Gillispie also wanted to emphasize that that building is 70 years old, which means there are constantly many different ongoing repairs, critical and minor.
The sewer smell had also been affecting classes. Geometry and Chemistry teacher Aiste Taylor came to school early Dec. 31 to prepare for classes when she noticed the smell. The weekend after, she bought a candle to lessen the smell.
“And I honestly thought that the bathroom like, someone had a problem or something. And I was hoping it would go away and then it didn’t go away. I feel like I was just in a bad mood,” Taylor said. “And it’s really difficult. It’s like you want to come in you want to do your job.
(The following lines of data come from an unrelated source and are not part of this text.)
(* Let $n\ge3$ and let $A$ be a set of vertices of $C_n$ with $2\le|A|\le n$. Then the output of $\textsc{Ascending Local Search}(C_n,W,A)$ is a maximizer of $W$ on $C_n$.
   Context: $C_n$ has vertex set $\{0,\dots,n-1\}$ with $i$ adjacent to $i+1\bmod n$. $W(X)=\sum_{\{u,v\}\subseteq X,u\ne v}d(u,v)$ over unordered pairs, $d$ shortest-path distance; $X$ is a maximizer of $W$ if $W(X)=\max\{W(B):|B|=|X|\}$. A perturbation of $X$ in a graph $G$ is $(X\setminus\{u\})\cup\{v\}$ with $u\in X$, $v\in V(G)\setminus X$, $uv\in E(G)$. $\textsc{Ascending Local Search}(G,F,A)$: set $X=A$; list all perturbations of $X$ as $L(0),L(1),\dots$; if $F(L(i))>F(X)$ for some $i$, replace $X$ by $L(j)$ for the least such $j$ and repeat; otherwise return $X$. *)

From mathcomp Require Import all_boot.
Set Implicit Arguments. Unset Strict Implicit. Unset Printing Implicit Defensive.

Section Cycle.
Variable n : nat.

Definition cadj : rel 'I_n :=
  fun u v => (nat_of_ord v == (u.+1 %% n)) || (nat_of_ord u == (v.+1 %% n)).

(* Shortest-path distance: the least k < n such that there is a walk of
   length k (a k-tuple of successive vertices) from u to v. *)
Definition walkb (k : nat) (u v : 'I_n) : bool :=
  [exists p : k.-tuple 'I_n, path cadj u p && (last u p == v)].

Definition cdist (u v : 'I_n) : nat := find (fun k => walkb k u v) (iota 0 n).

Definition W (X : {set 'I_n}) : nat :=
  \sum_(u in X) \sum_(v in X | u < v) cdist u v.

Definition is_maximizer (X : {set 'I_n}) : Prop :=
  forall B : {set 'I_n}, #|B| = #|X| -> W B <= W X.

Definition perturbation (X Y : {set 'I_n}) : Prop :=
  exists u v : 'I_n, [/\ u \in X, v \notin X, cadj u v & Y = v |: (X :\ u)].

Definition valid_listing (lst : {set 'I_n} -> seq {set 'I_n}) : Prop :=
  forall X, uniq (lst X) /\ (forall Y, Y \in lst X <-> perturbation X Y).

(* als lst X Y : running Ascending Local Search (with listing lst) from X
   terminates and returns Y. *)
Inductive als (lst : {set 'I_n} -> seq {set 'I_n}) : {set 'I_n} -> {set 'I_n} -> Prop :=
| als_stop X : (forall Y, Y \in lst X -> W Y <= W X) -> als lst X X
| als_step X j Y :
    j < size (lst X) ->
    W X < W (nth X (lst X) j) ->
    (forall i, i < j -> W (nth X (lst X) i) <= W X) ->
    als lst (nth X (lst X) j) Y -> als lst X Y.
But when you’re in a bad mood, you’re like trying not to portray that to the students, but it’s hard because you’re out here all day smelling it.”
Taylor described the elevator closure as an inconvenience. Classes would need to change locations for one or two periods, and Taylor would often only be notified about moving on that day.
“When the elevators shut down, students with disabilities that need the elevator to get up to the second floor are unable to make it up to this floor,” Taylor said. “So I know that both Miss Paris across the hall and I have had to move our classroom to a different classroom in order to accommodate those students, and that’s been really rough for those students because they have to go somewhere where they don’t know.”
Segers was not affected by the smell as much as Taylor was. Segers says that rainwater seeped into the elevator pit, which carried the gases into the building. Rainwater seepage is pumped to a sewer line which is then carried to 6th Street.
“The sewer line for this building is below grade of the sewer main. There’s a lift station at the end of the building that then lifts the sewage from our building up to the sewer main that runs underneath Sixth Street,” Segers said.